> _Problem_
A line counts if it contains the word "negP" at least once. State how many such lines the records contain, giving the number alone.

> _Input for this task_
──────────────────────────────

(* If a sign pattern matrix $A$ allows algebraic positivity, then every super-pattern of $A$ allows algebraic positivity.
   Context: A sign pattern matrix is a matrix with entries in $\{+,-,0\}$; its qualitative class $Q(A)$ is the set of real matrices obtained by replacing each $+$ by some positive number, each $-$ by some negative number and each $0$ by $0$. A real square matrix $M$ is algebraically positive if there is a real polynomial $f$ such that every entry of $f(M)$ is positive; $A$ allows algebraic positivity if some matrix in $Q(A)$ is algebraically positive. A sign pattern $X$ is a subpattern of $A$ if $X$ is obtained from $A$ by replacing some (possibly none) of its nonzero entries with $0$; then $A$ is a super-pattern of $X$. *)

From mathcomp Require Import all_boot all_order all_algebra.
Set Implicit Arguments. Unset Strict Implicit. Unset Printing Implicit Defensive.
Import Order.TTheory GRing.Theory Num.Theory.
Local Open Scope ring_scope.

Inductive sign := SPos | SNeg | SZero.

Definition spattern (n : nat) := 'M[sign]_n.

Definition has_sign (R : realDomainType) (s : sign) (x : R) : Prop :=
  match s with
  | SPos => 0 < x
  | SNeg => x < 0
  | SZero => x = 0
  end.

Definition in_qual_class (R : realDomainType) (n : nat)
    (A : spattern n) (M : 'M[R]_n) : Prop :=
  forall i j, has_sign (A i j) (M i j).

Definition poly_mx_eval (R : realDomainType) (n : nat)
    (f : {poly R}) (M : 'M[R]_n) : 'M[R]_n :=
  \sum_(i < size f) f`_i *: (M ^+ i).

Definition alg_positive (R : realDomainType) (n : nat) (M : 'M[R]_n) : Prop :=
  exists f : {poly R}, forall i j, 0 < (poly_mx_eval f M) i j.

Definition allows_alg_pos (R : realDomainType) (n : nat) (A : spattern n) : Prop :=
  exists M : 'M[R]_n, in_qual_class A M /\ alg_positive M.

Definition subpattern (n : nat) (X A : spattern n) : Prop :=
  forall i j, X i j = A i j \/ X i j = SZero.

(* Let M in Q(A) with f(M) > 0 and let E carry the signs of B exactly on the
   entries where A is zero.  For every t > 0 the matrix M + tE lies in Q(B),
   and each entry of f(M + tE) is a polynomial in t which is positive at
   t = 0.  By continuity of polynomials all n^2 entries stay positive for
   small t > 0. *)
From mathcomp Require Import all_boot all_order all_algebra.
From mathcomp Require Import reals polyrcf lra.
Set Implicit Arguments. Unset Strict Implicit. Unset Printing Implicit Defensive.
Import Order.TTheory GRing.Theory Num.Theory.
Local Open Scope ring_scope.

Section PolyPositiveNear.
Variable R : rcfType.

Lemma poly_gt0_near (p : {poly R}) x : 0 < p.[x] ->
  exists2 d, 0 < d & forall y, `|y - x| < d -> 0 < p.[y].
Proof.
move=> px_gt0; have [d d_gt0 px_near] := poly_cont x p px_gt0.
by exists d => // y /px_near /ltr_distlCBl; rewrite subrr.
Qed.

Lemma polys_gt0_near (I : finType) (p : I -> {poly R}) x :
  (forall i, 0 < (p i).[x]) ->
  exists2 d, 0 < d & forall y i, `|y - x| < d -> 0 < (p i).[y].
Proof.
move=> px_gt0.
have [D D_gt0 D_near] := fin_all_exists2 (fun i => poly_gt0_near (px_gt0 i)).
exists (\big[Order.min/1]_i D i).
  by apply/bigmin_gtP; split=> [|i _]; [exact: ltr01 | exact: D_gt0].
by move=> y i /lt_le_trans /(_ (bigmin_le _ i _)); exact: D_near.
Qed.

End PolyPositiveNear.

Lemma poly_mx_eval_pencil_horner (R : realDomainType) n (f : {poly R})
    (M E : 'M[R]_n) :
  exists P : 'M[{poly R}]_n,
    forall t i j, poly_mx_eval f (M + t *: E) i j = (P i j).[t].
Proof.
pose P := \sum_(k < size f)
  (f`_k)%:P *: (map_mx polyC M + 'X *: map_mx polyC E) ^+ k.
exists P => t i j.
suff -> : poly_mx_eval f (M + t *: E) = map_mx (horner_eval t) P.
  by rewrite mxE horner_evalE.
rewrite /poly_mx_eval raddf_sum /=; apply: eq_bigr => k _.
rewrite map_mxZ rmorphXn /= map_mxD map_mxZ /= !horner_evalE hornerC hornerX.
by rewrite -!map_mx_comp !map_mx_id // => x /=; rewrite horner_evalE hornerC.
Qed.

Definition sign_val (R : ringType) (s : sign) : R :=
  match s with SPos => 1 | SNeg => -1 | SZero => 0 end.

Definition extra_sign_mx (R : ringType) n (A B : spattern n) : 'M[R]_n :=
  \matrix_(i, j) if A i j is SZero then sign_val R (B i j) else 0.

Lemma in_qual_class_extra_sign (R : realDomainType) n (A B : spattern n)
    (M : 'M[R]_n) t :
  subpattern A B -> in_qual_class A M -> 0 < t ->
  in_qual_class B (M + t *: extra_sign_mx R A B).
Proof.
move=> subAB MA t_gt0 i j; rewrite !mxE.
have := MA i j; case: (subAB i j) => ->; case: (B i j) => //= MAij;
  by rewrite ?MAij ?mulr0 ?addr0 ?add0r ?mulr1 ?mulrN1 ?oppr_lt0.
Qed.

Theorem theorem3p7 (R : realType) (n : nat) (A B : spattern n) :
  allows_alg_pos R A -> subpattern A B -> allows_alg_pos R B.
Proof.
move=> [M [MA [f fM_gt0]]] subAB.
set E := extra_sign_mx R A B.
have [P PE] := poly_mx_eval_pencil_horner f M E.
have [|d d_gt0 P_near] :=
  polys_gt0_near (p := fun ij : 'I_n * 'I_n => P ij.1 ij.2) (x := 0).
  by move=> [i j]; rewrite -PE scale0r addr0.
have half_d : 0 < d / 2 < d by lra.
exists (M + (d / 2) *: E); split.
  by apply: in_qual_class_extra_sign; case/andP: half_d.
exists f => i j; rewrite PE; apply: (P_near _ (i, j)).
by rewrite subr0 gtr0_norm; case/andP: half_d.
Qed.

──────────────────────────────

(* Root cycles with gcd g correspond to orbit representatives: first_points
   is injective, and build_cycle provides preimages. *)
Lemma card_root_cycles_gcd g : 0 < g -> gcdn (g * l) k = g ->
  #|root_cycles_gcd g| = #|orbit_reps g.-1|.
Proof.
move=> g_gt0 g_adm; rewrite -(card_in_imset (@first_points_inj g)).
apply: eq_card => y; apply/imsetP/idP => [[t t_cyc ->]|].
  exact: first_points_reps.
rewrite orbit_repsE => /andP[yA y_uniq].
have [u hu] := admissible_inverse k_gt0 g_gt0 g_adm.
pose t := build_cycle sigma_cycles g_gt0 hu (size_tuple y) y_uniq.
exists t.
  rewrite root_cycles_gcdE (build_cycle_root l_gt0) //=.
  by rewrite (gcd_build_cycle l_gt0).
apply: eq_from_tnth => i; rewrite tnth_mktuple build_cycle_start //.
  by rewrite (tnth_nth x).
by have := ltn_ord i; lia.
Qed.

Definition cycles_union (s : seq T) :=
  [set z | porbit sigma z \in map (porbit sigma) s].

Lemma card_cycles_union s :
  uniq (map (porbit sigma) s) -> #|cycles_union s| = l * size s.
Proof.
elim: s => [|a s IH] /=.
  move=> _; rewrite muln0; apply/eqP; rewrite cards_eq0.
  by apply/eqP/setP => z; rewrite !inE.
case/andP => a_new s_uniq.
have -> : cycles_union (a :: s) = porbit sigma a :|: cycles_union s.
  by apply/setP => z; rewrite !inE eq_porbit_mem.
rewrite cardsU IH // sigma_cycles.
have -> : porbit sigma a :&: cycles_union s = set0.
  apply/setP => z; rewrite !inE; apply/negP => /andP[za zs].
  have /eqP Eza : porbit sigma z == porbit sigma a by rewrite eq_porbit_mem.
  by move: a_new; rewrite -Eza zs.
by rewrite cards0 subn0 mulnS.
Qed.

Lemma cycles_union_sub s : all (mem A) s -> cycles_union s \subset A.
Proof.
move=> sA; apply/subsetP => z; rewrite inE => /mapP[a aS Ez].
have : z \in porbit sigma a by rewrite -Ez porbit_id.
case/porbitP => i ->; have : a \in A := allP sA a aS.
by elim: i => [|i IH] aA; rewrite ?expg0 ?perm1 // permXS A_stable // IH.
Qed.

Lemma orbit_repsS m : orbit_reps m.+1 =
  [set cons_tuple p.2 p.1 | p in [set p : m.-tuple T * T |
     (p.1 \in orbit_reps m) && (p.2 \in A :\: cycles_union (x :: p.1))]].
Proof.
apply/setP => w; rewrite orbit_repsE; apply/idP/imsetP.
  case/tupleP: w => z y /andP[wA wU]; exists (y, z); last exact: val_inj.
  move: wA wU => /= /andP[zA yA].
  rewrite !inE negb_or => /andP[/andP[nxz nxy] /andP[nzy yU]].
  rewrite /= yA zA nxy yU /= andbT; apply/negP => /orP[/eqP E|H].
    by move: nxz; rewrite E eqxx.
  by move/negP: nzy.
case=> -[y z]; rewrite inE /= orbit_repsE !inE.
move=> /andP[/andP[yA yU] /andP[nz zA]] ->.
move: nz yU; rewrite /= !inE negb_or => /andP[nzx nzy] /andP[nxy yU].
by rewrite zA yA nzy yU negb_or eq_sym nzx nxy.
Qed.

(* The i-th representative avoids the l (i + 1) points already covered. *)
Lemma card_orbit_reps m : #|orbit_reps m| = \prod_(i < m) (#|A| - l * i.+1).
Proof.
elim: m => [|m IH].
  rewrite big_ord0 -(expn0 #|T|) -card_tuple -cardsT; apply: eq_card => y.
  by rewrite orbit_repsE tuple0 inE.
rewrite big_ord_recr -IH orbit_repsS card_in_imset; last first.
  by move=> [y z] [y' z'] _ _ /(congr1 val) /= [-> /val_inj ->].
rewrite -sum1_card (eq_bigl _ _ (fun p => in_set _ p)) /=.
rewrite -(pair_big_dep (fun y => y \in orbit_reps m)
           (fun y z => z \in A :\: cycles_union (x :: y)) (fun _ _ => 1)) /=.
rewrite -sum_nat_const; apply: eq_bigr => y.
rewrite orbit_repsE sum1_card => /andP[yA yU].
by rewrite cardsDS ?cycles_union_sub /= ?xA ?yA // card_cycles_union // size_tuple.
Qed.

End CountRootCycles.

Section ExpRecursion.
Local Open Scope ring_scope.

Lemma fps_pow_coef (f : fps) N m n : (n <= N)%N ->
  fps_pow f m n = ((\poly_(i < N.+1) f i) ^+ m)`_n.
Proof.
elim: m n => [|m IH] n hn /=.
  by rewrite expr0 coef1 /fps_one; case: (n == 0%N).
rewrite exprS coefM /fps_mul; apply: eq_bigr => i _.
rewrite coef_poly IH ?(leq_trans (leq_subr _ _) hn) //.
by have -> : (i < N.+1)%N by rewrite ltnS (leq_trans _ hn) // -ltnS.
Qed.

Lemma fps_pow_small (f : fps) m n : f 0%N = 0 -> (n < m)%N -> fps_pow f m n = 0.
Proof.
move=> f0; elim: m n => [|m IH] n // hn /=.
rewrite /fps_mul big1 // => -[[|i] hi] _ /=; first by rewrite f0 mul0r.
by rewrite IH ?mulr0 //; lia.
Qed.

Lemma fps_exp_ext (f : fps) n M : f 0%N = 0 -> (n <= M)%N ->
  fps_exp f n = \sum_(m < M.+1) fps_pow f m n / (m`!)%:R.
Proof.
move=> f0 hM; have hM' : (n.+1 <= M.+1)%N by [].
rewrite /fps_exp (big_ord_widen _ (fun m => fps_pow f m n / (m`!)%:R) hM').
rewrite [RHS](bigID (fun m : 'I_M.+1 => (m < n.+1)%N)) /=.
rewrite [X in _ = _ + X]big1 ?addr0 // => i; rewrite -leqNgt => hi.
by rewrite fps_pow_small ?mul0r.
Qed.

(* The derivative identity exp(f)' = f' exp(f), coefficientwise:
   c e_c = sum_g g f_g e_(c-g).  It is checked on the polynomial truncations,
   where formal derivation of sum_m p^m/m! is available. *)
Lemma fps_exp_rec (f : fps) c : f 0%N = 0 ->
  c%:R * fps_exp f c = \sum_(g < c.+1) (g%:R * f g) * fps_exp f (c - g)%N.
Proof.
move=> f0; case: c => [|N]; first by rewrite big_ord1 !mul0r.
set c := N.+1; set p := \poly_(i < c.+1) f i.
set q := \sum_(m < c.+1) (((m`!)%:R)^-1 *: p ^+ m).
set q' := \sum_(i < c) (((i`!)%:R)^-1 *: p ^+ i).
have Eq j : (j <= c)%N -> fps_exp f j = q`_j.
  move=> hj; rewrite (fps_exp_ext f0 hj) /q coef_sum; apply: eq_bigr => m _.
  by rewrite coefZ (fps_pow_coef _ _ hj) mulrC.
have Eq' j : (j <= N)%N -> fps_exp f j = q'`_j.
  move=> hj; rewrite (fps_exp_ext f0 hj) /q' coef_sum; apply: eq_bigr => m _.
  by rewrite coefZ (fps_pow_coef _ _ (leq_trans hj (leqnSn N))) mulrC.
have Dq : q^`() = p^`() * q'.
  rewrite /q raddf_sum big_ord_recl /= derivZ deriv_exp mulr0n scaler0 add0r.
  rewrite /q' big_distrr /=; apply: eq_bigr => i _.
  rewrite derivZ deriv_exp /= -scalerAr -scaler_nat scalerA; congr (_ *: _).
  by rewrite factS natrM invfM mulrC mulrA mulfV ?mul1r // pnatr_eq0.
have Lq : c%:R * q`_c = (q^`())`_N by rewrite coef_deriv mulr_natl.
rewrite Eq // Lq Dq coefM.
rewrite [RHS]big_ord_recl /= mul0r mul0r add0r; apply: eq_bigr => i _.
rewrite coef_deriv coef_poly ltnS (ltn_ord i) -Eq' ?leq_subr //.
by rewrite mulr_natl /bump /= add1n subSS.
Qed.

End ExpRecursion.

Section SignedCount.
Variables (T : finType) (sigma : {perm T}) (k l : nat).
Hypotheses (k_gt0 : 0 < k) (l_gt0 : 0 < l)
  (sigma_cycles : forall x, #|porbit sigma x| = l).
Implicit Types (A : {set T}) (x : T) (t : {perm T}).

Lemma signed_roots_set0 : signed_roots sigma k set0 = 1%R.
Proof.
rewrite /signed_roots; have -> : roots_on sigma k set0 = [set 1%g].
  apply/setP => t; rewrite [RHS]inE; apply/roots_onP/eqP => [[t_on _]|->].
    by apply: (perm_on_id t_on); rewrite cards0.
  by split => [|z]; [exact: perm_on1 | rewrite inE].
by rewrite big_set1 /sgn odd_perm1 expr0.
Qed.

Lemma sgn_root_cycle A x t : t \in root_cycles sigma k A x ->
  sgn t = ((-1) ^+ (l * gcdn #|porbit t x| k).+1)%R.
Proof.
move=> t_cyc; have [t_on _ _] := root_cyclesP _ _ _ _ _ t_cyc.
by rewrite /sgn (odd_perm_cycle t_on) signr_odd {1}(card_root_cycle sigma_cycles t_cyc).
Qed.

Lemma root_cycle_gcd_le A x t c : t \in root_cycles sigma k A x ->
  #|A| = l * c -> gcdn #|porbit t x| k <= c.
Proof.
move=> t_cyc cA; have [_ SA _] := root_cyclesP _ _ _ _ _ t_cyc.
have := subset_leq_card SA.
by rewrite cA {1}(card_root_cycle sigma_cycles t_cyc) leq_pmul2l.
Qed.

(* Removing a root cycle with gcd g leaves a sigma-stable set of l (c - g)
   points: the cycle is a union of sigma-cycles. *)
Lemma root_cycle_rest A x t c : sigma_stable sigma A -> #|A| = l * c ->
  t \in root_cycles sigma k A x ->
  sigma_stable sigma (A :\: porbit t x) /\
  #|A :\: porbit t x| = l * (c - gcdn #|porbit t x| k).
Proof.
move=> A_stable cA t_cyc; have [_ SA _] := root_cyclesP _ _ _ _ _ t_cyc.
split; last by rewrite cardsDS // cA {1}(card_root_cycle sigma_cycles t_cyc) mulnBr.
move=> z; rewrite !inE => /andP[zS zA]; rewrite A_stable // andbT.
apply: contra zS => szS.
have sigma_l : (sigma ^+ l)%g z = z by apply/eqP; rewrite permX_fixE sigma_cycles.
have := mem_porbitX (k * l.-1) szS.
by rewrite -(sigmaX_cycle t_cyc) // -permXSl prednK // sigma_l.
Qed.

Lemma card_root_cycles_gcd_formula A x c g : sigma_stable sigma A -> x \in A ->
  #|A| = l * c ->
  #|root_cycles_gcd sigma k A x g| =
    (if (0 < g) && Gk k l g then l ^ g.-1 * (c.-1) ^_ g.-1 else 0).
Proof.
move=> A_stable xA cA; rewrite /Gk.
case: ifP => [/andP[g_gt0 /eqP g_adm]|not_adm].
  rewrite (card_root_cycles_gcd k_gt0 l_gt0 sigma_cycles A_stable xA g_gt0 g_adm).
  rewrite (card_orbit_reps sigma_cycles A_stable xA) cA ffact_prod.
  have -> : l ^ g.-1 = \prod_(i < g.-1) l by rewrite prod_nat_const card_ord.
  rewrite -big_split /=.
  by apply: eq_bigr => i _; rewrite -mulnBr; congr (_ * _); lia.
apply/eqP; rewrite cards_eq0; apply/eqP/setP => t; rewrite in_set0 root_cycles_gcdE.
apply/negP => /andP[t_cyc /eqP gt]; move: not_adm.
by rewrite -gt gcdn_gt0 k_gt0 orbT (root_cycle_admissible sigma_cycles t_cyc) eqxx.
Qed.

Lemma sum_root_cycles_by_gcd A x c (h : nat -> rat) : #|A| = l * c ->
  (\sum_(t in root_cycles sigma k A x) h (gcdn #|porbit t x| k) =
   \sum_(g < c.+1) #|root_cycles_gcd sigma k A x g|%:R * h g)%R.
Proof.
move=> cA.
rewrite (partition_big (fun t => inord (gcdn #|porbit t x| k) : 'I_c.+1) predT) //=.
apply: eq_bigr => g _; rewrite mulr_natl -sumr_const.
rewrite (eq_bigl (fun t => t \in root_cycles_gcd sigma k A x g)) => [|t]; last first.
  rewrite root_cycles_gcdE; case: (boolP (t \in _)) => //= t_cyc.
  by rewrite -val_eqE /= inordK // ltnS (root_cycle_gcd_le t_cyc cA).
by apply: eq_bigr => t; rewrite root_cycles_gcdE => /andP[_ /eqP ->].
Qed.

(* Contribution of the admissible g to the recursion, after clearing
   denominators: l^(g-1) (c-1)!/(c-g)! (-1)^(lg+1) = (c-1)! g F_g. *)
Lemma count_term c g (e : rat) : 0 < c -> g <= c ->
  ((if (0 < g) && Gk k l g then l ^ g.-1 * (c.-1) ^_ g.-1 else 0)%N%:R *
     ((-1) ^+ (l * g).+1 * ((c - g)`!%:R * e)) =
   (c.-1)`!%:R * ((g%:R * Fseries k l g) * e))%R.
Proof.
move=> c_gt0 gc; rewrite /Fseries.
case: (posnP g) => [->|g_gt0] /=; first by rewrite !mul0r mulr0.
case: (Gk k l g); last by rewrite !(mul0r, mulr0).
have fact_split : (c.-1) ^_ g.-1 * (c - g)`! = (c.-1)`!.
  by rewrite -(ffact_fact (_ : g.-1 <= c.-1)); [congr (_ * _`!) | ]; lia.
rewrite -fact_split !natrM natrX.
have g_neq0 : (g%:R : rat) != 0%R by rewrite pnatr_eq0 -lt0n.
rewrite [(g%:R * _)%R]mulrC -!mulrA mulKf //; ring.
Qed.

──────────────────────────────

> _Result of this task_
4